In the rural provinces, people take Bang Baa; a traditional herb made from the roots of a forest tree. A long, yellow root, you have to dry it first, then place it in water under the sun for a day before drinking the juice. It’s bitter and it will make your face look like a baboon when you take it but you must drink it every morning and evening.

Some say it has been the salvation of those who can’t get their hands on drugs. Most of the people who take it are impoverished villagers; they cannot afford medical treatment. Medical authorities strongly advise people not to take it, but there doesn’t appear to be any efforts to take the root to a lab to do some research to see if it offers an alternative.

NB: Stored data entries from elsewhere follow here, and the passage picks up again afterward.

(* Sylvester's determinant identity, via the two block factorizations of
   [[X, A], [B, 1]]. *)
Lemma char_poly_mulmxC m n (A : 'M[C]_(m, n)) (B : 'M[C]_(n, m)) :
  'X^n * char_poly (A *m B) = 'X^m * char_poly (B *m A).
Proof.
set a := map_mx polyC A; set b := map_mx polyC B.
set D := block_mx ('X%:M : 'M[{poly C}]_m) a b 1%:M.
have lowerD : D *m block_mx 1%:M 0 (- b) 1%:M
              = block_mx (char_poly_mx (A *m B)) a 0 1%:M.
  rewrite mulmx_block !mulmx1 !mul1mx !mulmx0 !add0r mulmxN.
  by rewrite /char_poly_mx map_mxM -/a -/b subrr.
have upperD : block_mx 1%:M 0 (- b) 'X%:M *m D
              = block_mx 'X%:M a 0 (char_poly_mx (B *m A)).
  rewrite mulmx_block !mul1mx !mul0mx !addr0 mulNmx mul_mx_scalar mul_scalar_mx.
  by rewrite /char_poly_mx map_mxM -/a -/b mulNmx mulmx1 addNr addrC.
have detD : \det D = char_poly (A *m B).
  move/(congr1 determinant): lowerD.
  by rewrite det_mulmx det_lblock det_ublock !det1 !mulr1 => ->.
move/(congr1 determinant): upperD.
by rewrite det_mulmx det_lblock det_ublock detD det1 !det_scalar mul1r.
Qed.

Lemma char_poly_comp_scalar_sub n (a : C) (A : 'M[C]_n) :
  char_poly A \Po (a%:P - 'X) = (-1) ^+ n * char_poly (a%:M - A).
Proof.
rewrite /char_poly -det_map_mx -detZ scaleN1r; congr (\det _).
apply/matrixP => i j; rewrite !mxE /=.
by case: (i == j); rewrite /= ?mulr1n ?mulr0n comp_polyB !comp_polyC ?comp_polyX
  ?comp_poly0 ?polyCB ?polyC0; ring.
Qed.

Lemma eigenvaluesE n (A : 'M[C]_n) :
  char_poly A = \prod_(z <- eigenvalues A) ('X - z%:P).
Proof. exact/eqP/(xchooseP (char_poly_splits A)). Qed.

Lemma size_eigenvalues n (A : 'M[C]_n) : size (eigenvalues A) = n.
Proof.
by have := size_char_poly A; rewrite eigenvaluesE size_prod_XsubC => -[].
Qed.

Lemma eigenvalues_scalar_sub n (a : C) (A : 'M[C]_n) :
  perm_eq (eigenvalues (a%:M - A)) [seq a - z | z <- eigenvalues A].
Proof.
have sign_prod (s : seq C) :
    (-1) ^+ size s * ((\prod_(z <- s) ('X - z%:P)) \Po (a%:P - 'X))
    = \prod_(z <- s) ('X - (a - z)%:P).
  rewrite rmorph_prod /=; elim: s => [|z s IH]; first by rewrite !big_nil mulr1.
  rewrite !big_cons /= -IH exprS comp_polyB comp_polyX comp_polyC polyCB; ring.
apply: prod_XsubC_eq; rewrite -eigenvaluesE big_map -sign_prod -eigenvaluesE.
by rewrite char_poly_comp_scalar_sub size_eigenvalues signrMK.
Qed.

There seems to be some hypocrisy. The Chinese, who hold the market on antimalarial drugs in Sierra Leone, take their own traditional herbs and have turned them into medicine, but Sierra Leonean authorities are unwilling to test the country’s own natural resources.

‘Malaria continues to eat at the fabric of the youth in our society, under the eyes of those who are charged with the responsibility to prevent it’

Amjata Bayoh is a medical student from Freetown and a fellow community reporter. He says: ‘Malaria is a disease that can be resistant to certain types of drugs, based on geographical region. Earlier this year I was doing some malaria-related research for teaching purposes and I found out that chloroquine, one of the most popular drugs for malaria known in Sierra Leone, can’t treat the disease any longer in certain other African countries. So one of the reasons why the Chinese drugs are not trusted anymore could be that in Sierra Leone we are building resistance to them.’

As for Bang Baa, Bahoy believes that it can be effective: ‘Yes, it works; even I have tried it. The only fair concern that the medical profession has about it is that the dosage isn’t set – it can cause harm to your immune system if you take too much.’

Across the country, the lost days from malaria take their toll on industry, family life and development. ‘Malaria continues to eat at the fabric of the youth in our society, under the eyes of those who are charged with the responsibility to prevent it,’ says David Hindolo, a 24-year-old student from Freetown.

Many elders, often sceptical of new advances in medication, have found their fears confirmed by failing standards of medical scrutiny with regards to antimalarial drugs. My aunt says no to all ‘white man medicines’. All her life, she has taken only traditional medicines. I used to provoke her: ‘Your herbal medicine doesn’t even show an expiry date! You will kill yourself one day.’ Then one day I was sick and I had tried all the painkillers, with no relief. Finally, I went to my aunt and asked her to help me. Smiling, she turned and said, ‘Sorry! My medicine has expired!’ I took the teasing and I took the herb. I started to sweat, and within a few hours, I felt better again.

Bankolay Turay is a reporter for Radar.